- Born: Henry Eugene Stine April 13, 1945 (age 81) Sikeston, Missouri, U.S.
- Occupations: Editor; writer; anthologist; publisher;

= Jean Marie Stine =

American novelist

Jean Marie Stine (born Henry Eugene Stine, 13 April 1945 in Sikeston, Missouri) is an American editor, writer, anthologist, and publisher.

==Career==
Stine worked as a book acquisitions and development editor for Newcastle Publishing and Leisure Books. For a number of years, she was a senior editor specializing in self-help titles for publisher Jeremy P. Tarcher. Stine's own non-fiction books include Double Your Brain Power (Prentice-Hall 1997), a selection of the Quality Paperback Book Club, which was translated into five languages.

Stine has served as publisher for O'Hara Publications, The Donning Company, the International Foundation for Gender Education, and Renaissance E Books.

Anthologies she has edited include The Great Women Detectives: Seven Classic Novelettes, Hearts of the West, Reel Futures: Classic Stories that Became Great SF Movies (with Forrest J Ackerman), and Those Doggone Dogs.

During the late 1960s Stine worked as a personal assistant to Star Trek creator Gene Roddenberry on special projects.

==Author==
As an author, she has written fiction and non-fiction on a variety of subjects for more than one hundred publications including Premier, The Los Angeles News, Amazing Stories, Eros, Conundrum, and Brain Candy. Among her best known stories are "In the Kingdom of the Sons" and "No Exit" (with Larry Niven). Known pseudonyms include Sibly Whyte, and Allen Jorgenson.
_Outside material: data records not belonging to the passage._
Section HermitianRayleigh.
Local Open Scope sesquilinear_scope.
Variable C : numClosedFieldType.

Lemma diag_mx_form_ge_min n (sp : 'rV[C]_n) k (w : 'cV[C]_n) :
  (forall i, sp 0 k <= sp 0 i) ->
  sp 0 k * (w^t* *m w) 0 0 <= (w^t* *m diag_mx sp *m w) 0 0.
Proof.
move=> spk_min; rewrite !mxE mulr_sumr; apply: ler_sum => j _.
rewrite mul_mx_diag !mxE [_ * sp 0 j]mulrC -!mulrA.
by rewrite ler_wpM2r // mulrC mul_conjC_ge0.
Qed.

Lemma hermitian_min_eigenvalue n (A : 'M[C]_n.+1) : A \is hermsymmx ->
  exists2 m, m \is Num.real & eigenvalue A m /\
    forall u : 'cV_n.+1, m * (u^t* *m u) 0 0 <= (u^t* *m A *m u) 0 0.
Proof.
move=> Aherm; have /orthomx_spectralP AE := hermitian_normalmx Aherm.
set P := spectralmx A in AE; set sp := spectral_diag A in AE.
have Punitary : P \is unitarymx := spectral_unitarymx A.
have sp_real i : sp 0 i \is Num.real.
  exact: mxOverP (hermitian_spectral_diag_real Aherm) _ _.
pose k := [arg min_(i < ord0) sp 0 i]%O.
have spk_min : forall i, sp 0 k <= sp 0 i.
  rewrite /k; case: (@real_arg_minP _ _ ord0 predT (fun i => sp 0 i) isT).
    by move=> j _; apply: sp_real.
  by move=> j _ j_min i; apply: j_min.
exists (sp 0 k) => //; split.
  apply/eigenvalueP; exists (delta_mx 0 k *m P).
    rewrite {1}AE !mulmxA mulmxK ?unitarymx_unit // -[_ *m diag_mx sp]rowE.
    by rewrite row_diag_mx -scalemxAl.
  rewrite mulmx_free_eq0 ?row_free_unit ?unitarymx_unit //.
  by apply/eqP => /matrixP/(_ 0 k)/eqP; rewrite !mxE !eqxx oner_eq0.
move=> u; rewrite AE invmx_unitary // !mulmxA.
have -> : u^t* *m u = (P *m u)^t* *m (P *m u).
  by rewrite trmx_mul map_mxM mulmxA mulmxKtV.
rewrite (_ : _ *m P *m u = (P *m u)^t* *m diag_mx sp *m (P *m u)).
  exact: diag_mx_form_ge_min.
by rewrite trmx_mul map_mxM !mulmxA.
Qed.

End HermitianRayleigh.

Section RealSymmetric.
Variable R : realType.
Local Notation "''[' u , v ']'" := ((u^T *m v) 0 0) : ring_scope.
Local Notation toC := (real_complex R).
Definition dist1 n (x y : 'rV[R]_n) : R := \sum_(i < n) `|x 0 i - y 0 i|.

(* The l1 distance splits exactly along [vcons], which drives the induction on n. *)
Definition lipschitz1 n (f : 'rV[R]_n -> R) :=
  exists L, forall x y, `|f x - f y| <= L * dist1 x y.

Lemma dist1xx n (v : 'rV[R]_n) : dist1 v v = 0.
Proof. by rewrite /dist1 big1 // => i _; rewrite subrr normr0. Qed.

Lemma dist1_vcons n a b (v w : 'rV[R]_n) :
  dist1 (vcons a v) (vcons b w) = `|a - b| + dist1 v w.
Proof.
rewrite /dist1 big_ord_recl /vcons !mxE unlift_none; congr (_ + _).
by apply: eq_bigr => i _; rewrite !mxE liftK.
Qed.

Lemma lipschitz1_vcons n (f : 'rV[R]_n.+1 -> R) x :
  lipschitz1 f -> lipschitz1 (fun v => f (vcons x v)).
Proof.
move=> [L fL]; exists L => v w.
by have := fL (vcons x v) (vcons x w); rewrite dist1_vcons subrr normr0 add0r.
Qed.

Lemma lipschitz1_cst n (c : R) : lipschitz1 (fun _ : 'rV[R]_n => c).
Proof. by exists 0 => x y; rewrite subrr normr0 mul0r. Qed.

Lemma lipschitz1_comb n (f g : 'rV[R]_n -> R) a b :
  lipschitz1 f -> lipschitz1 g -> lipschitz1 (fun v => a * f v + b * g v).
Proof.
move=> [L1 fL] [L2 gL]; exists (`|a| * L1 + `|b| * L2) => x y.
rewrite opprD addrACA -!mulrBr mulrDl -!mulrA.
apply: le_trans (ler_normD _ _) _; rewrite !normrM.
by apply: lerD; apply: ler_wpM2l.
Qed.

Lemma gauss_exp_cst n (c : R) : @gauss_exp R n (fun _ => c%:E) = c%:E.
Proof. by elim: n => //= n ->; exact: normal_integral_cst. Qed.

Definition gauss_exp_positive_linear n :=
  [/\ forall f : 'rV[R]_n -> R, lipschitz1 f -> gexp f \is a fin_num,
      forall (f g : 'rV[R]_n -> R) a b, lipschitz1 f -> lipschitz1 g ->
        gexp (fun v => a * f v + b * g v) = (a%:E * gexp f + b%:E * gexp g)%E &
      forall f g : 'rV[R]_n -> R, lipschitz1 f -> lipschitz1 g ->
        (forall v, f v <= g v) -> (gexp f <= gexp g)%E].

Section gauss_exp_step.
Variable n : nat.
Hypothesis IH : gauss_exp_positive_linear n.

Let partial_exp (f : 'rV[R]_n.+1 -> R) (x : R) : R :=
  fine (gexp (fun v => f (vcons x v))).

Let gauss_exp_vcons f x : lipschitz1 f ->
  gexp (fun v => f (vcons x v)) = (partial_exp f x)%:E.
Proof. by case: IH => fin _ _ fL; rewrite fineK // fin //; exact: lipschitz1_vcons. Qed.

Let gauss_expS f : lipschitz1 f -> gexp f = (\int[P]_x (partial_exp f x)%:E)%E.
Proof. by move=> fL; apply: eq_integral => x _; exact: gauss_exp_vcons. Qed.

Let partial_exp_lipschitz f : lipschitz1 f ->
  exists L, forall x y, `|partial_exp f x - partial_exp f y| <= L * `|x - y|.
Proof.
case: IH => _ lin mono fL; have [L fLL] := fL; exists L.
suff le_partial_exp x y : partial_exp f x <= partial_exp f y + L * `|x - y|.
  move=> x y; have := le_partial_exp x y; have := le_partial_exp y x; rewrite distrC.
  by rewrite ler_norml => ? ?; apply/andP; split; lra.
have fyL := lipschitz1_vcons y fL; have oneL := lipschitz1_cst n 1.
rewrite -lee_fin EFinD -!gauss_exp_vcons // -[_%:E]mule1 -(gauss_exp_cst n 1).
rewrite -[gauss_exp (fun v => (f (vcons y v))%:E)]mul1e -lin //.
apply: mono => [||v]; [exact: lipschitz1_vcons | exact: lipschitz1_comb |].
have := fLL (vcons x v) (vcons y v); rewrite dist1_vcons dist1xx addr0.
by move=> /(le_trans (ler_norm _)); rewrite mul1r mulr1 lerBlDl addrC.
Qed.

Let partial_exp_integrable f :
  lipschitz1 f -> P.-integrable setT (EFin \o partial_exp f).
Proof.
by case/partial_exp_lipschitz => L; exact: normal_integrable_lipschitz.
Qed.

Lemma gauss_exp_positive_linearS : gauss_exp_positive_linear n.+1.
Proof.
case: IH => _ lin mono; split.
- move=> f fL; rewrite gauss_expS //.
  exact/integrable_fin_num/partial_exp_integrable.
- move=> f g a b fL gL; have fgL := lipschitz1_comb a b fL gL.
  rewrite !gauss_expS // -!integralZl ?partial_exp_integrable //.
  rewrite -integralD //; try exact/integrableZl/partial_exp_integrable.
  apply: eq_integral => x _; rewrite -gauss_exp_vcons // lin ?gauss_exp_vcons //.
  + exact: lipschitz1_vcons.
  + exact: lipschitz1_vcons.
- move=> f g fL gL fg; rewrite !gauss_expS //.
  apply: le_integral => //; try exact: partial_exp_integrable.
  move=> x _ /=; rewrite -!gauss_exp_vcons // mono //; exact: lipschitz1_vcons.
Qed.

End gauss_exp_step.

Lemma gauss_exp_is_positive_linear n : gauss_exp_positive_linear n.
Proof.
elim: n => [|n]; last exact: gauss_exp_positive_linearS.
by split => //= f g _ _ fg; rewrite lee_fin.
Qed.

End gauss_exp_lipschitz.

Section euclidean_ball.
Context {R : realType} {n : nat}.
Implicit Types (v x t : 'rV[R]_n) (e : R).

Lemma enorm_le v e : 0 <= e -> (enorm v <= e) = (\sum_(i < n) v 0 i ^+ 2 <= e ^+ 2).
Proof.
by move=> e0; rewrite /enorm -{1}(ger0_norm e0) -sqrtr_sqr ler_sqrt ?sqr_ge0.
Qed.

Lemma coord_le_enorm v i : `|v 0 i| <= enorm v.
Proof.
rewrite /enorm -sqrtr_sqr ler_sqrt; last by apply: sumr_ge0 => j _; exact: sqr_ge0.
by rewrite (bigD1 i) //= ler_wpDr // sumr_ge0 // => j _; exact: sqr_ge0.
Qed.

Lemma enorm_comb_le v1 v2 l e : 0 <= l <= 1 -> 0 <= e ->
  enorm v1 <= e -> enorm v2 <= e -> enorm (l *: v1 + (1 - l) *: v2) <= e.
Proof.
move=> /andP[l0 l1] e0; rewrite !enorm_le // => v1e v2e.
apply: (@le_trans _ _ (\sum_(i < n) (l * v1 0 i ^+ 2 + (1 - l) * v2 0 i ^+ 2))).
  apply: ler_sum => i _; rewrite !mxE.
  (* (l a + (1 - l) b)^2 = l a^2 + (1 - l) b^2 - l (1 - l) (a - b)^2 *)
  have : 0 <= l * (1 - l) * (v1 0 i - v2 0 i) ^+ 2.
    by rewrite mulr_ge0 ?sqr_ge0 // mulr_ge0 // subr_ge0.
  nra.
rewrite big_split /= -!mulr_sumr.
have l1' : 0 <= 1 - l by rewrite subr_ge0.
have := ler_wpM2l l0 v1e; have := ler_wpM2l l1' v2e; lra.
Qed.

Lemma eball_comb nu1 nu2 t1 t2 l e : 0 <= l <= 1 -> 0 <= e ->
  eball nu1 e t1 -> eball nu2 e t2 ->
  eball (l *: nu1 + (1 - l) *: nu2) e (l *: t1 + (1 - l) *: t2).
Proof.
move=> l01 e0 t1e t2e; rewrite /eball /=.
have -> : l *: t1 + (1 - l) *: t2 - (l *: nu1 + (1 - l) *: nu2) =
    l *: (t1 - nu1) + (1 - l) *: (t2 - nu2).
  by apply/rowP => i; rewrite !mxE; ring.
exact: enorm_comb_le.
Qed.

Lemma eball_coord_le nu e t i : eball nu e t -> `|t 0 i| <= enorm nu + e.
Proof.
move=> tnu; rewrite addrC -[t 0 i](subrK (nu 0 i)).
apply: le_trans (ler_normD _ _) (lerD _ (coord_le_enorm _ _)).
by apply: le_trans tnu; have := coord_le_enorm (t - nu) i; rewrite !mxE.
Qed.

End euclidean_ball.

Section support_function.
Context {R : realType} {n : nat}.
Implicit Types (S : set 'rV[R]_n) (x y t : 'rV[R]_n).

Definition support S x : R := sup [set inner x t | t in S].

Lemma inner_comb x t1 t2 a b :
  inner x (a *: t1 + b *: t2) = a * inner x t1 + b * inner x t2.
Proof.
by rewrite /inner !mulr_sumr -big_split; apply: eq_bigr => i _; rewrite !mxE /=; ring.
Qed.

Lemma inner_le_dist1 x y t M : (forall i, `|t 0 i| <= M) ->
  inner x t <= inner y t + M * dist1 x y.
Proof.
move=> tM; rewrite -lerBlDl /inner -sumrB mulr_sumr; apply: ler_sum => i _.
rewrite -mulrBl (le_trans (ler_norm _)) // normrM mulrC.
exact: ler_wpM2r.
Qed.

Section bounded_support.
Variables (S : set 'rV[R]_n) (M : R).
Hypotheses (S0 : S !=set0) (SM : forall t, S t -> forall i, `|t 0 i| <= M).

Lemma has_sup_inner x : has_sup [set inner x t | t in S].
Proof.
split; first by have [t St] := S0; exists (inner x t), t.
exists (M * dist1 x 0) => _ [t St <-].
have inner0 : inner 0 t = 0 by rewrite /inner big1 // => i _; rewrite mxE mul0r.
by have := inner_le_dist1 x 0 (SM St); rewrite inner0 add0r.
Qed.

Lemma support_ub x t : S t -> inner x t <= support S x.
Proof. by move=> St; apply: (ub_le_sup (has_sup_inner x).2); exists t. Qed.

Lemma ereal_sup_inner x :
  ereal_sup [set (inner x t)%:E | t in S] = (support S x)%:E.
Proof.
by have [ne ub] := has_sup_inner x; rewrite -ereal_sup_EFin // image_comp.
Qed.

Lemma lipschitz1_support : lipschitz1 (support S).
Proof.
suff supp_le x y : support S x <= support S y + M * dist1 x y.
  exists M => x y; have := supp_le x y; have := supp_le y x.
  rewrite /dist1 (eq_bigr _ (fun i _ => distrC (y 0 i) (x 0 i))) ler_norml.
  by move=> ? ?; apply/andP; split; lra.
apply: ge_sup (has_sup_inner x).1 _ => _ [t St <-].
by apply: le_trans (inner_le_dist1 x y (SM St)) _; rewrite lerD2r support_ub.
Qed.

End bounded_support.

Lemma support_comb S1 S2 S x l : 0 <= l <= 1 ->
  has_sup [set inner x t | t in S1] -> has_sup [set inner x t | t in S2] ->
  has_sup [set inner x t | t in S] ->
  (forall t1 t2, S1 t1 -> S2 t2 -> S (l *: t1 + (1 - l) *: t2)) ->
  l * support S1 x + (1 - l) * support S2 x <= support S x.
Proof.
move=> /andP[l0 l1] S1x S2x Sx S12; apply/ler_addgt0Pr => e e0.
have [_ [t1 S1t1 <-] t1e] := sup_adherent e0 S1x.
have [_ [t2 S2t2 <-] t2e] := sup_adherent e0 S2x.
have : inner x (l *: t1 + (1 - l) *: t2) <= support S x.
  by apply: (ub_le_sup Sx.2); exists (l *: t1 + (1 - l) *: t2); first exact: S12.
rewrite inner_comb /support.
have l1' : 0 <= 1 - l by rewrite subr_ge0.
have := ler_wpM2l l0 (ltW t1e); have := ler_wpM2l l1' (ltW t2e); lra.
Qed.

End support_function.

Lemma convex_set_comb (R : numDomainType) (E : lmodType R) (K : set E) x y l :
  convex_set K -> K x -> K y -> 0 <= l <= 1 -> K (l *: x + (1 - l) *: y).
Proof.
move=> convK Kx Ky /andP[l0 l1].
by have /set_mem := convK x y (Itv01 l0 l1) (mem_set Kx) (mem_set Ky).
Qed.

Section ball_slice.
Context {R : realType} {n : nat}.
Variables (K : set 'rV[R]_n) (eps : R).
Hypothesis eps0 : 0 <= eps.

Let slice_neq0 nu : K nu -> eball nu eps `&` K !=set0.
Proof.
move=> Knu; exists nu; split => //.
by rewrite /eball /= subrr /enorm big1 ?sqrtr0 // => i _; rewrite mxE expr2 mul0r.
Qed.

Let slice_coord_le nu t :
  (eball nu eps `&` K) t -> forall i, `|t 0 i| <= enorm nu + eps.
Proof. by move=> [tnu _] i; exact: eball_coord_le. Qed.

Lemma has_sup_inner_slice nu x :
  K nu -> has_sup [set inner x t | t in eball nu eps `&` K].
Proof.
by move=> Knu; apply: (has_sup_inner (slice_neq0 Knu) (@slice_coord_le nu)).
Qed.

Lemma lipschitz1_support_slice nu : K nu -> lipschitz1 (support (eball nu eps `&` K)).
Proof.
by move=> Knu; apply: (lipschitz1_support (slice_neq0 Knu) (@slice_coord_le nu)).
Qed.

Lemma gauss_width_support nu : K nu ->
  gauss_width K nu eps = gauss_exp (fun x => (support (eball nu eps `&` K) x)%:E).
Proof.
move=> Knu; congr gauss_exp; apply/funext => x.
exact: (ereal_sup_inner (slice_neq0 Knu) (@slice_coord_le nu)).
Qed.

Lemma support_slice_concave nu1 nu2 l x :
  convex_set K -> K nu1 -> K nu2 -> 0 <= l <= 1 ->
  l * support (eball nu1 eps `&` K) x + (1 - l) * support (eball nu2 eps `&` K) x
  <= support (eball (l *: nu1 + (1 - l) *: nu2) eps `&` K) x.
Proof.
move=> convK K1 K2 l01; have Kl := convex_set_comb convK K1 K2 l01.
apply: (support_comb l01); try exact: has_sup_inner_slice.
move=> t1 t2 [t1nu Kt1] [t2nu Kt2].
by split; [exact: eball_comb | exact: convex_set_comb].
Qed.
Two recent ebook collections of Stine's work are Herstory & Other Science Fictions and Trans-Sexual: Tales for Gender Queers.

Stine published a number of science fiction novels and stories in the late 1960s and early 1970s as "Henry Stine", beginning with Season of the Witch in 1968, which was later adapted into the film as Memory Run. Under the name "Hank Stine", the author penned a tie-in novel based upon the TV series The Prisoner. After the departure of John J. Pierce, Stine was the editor of Galaxy for two issues in 1979. She was editor-in-chief of the science fiction and fantasy Starblaze line for Donning from 1979 to 1983, publishing titles such as Marion Zimmer Bradley's Ruins of Isis.

Issues concerning gender, such as change, role reversal and misalignment thereof, are recurrent themes in Stine's work. Stine's novel Season of the Witch describes the ordeal of a man, a hardened seducer, who lives off women, whose consciousness is transferred into the body of a woman as a legal punishment. Stine's short story "Jinni's So Long at the Fair" concerns a future in which a plague has wiped out all humans but those with a genetic abnormality, with male genes (karyotype XY) but female physiology (breasts, vagina). Another short story, "Herstory", describes deliberate manipulation of the timeline to change history so that every human religion in history has stressed the supremacy of woman over man.

== Fiction ==
- Season of the Witch. Essex House (# 0112), North Hollywood 1968 Postscript by Harlan Ellison; Masquerade Books/Rhinoceros Publications, 1994; Renaissance E Books, 2008.
- Thrill City, or The Dugpa. Essex House, North Hollywood 1969; Masquerde Books/Rhinoceros Publications, 1996.
- The Prisoner # 3. Ace Books, New York 1970; Dennis Dobson, London 1979; also called: The Prisoner: A Day in the Life. New English Library, 1982. (the third paperback following the British TV series The Prisoner cf. The Prisoner in other media).
- Forrest J. Ackerman, Jean Stine (eds.): I, Vampire: Interviews with the Undead. Longmeadowpress, Ann Arbor (1995).
- Trans-Sexual: Transgressive Erotica for Gender Queers (2008)
- Herstory & Other Science Fictions. Renaissance E Books, 2010.

== Non-fiction ==
- It's All In Your Head: Remarkable Facts About the Human Mind (1994)
- Writing Successful Self-Help and How-To Books (1997)
- Double Your Brain Power (1998)
- Ed Wood: The Early Years. Renaissance E Books, 2001.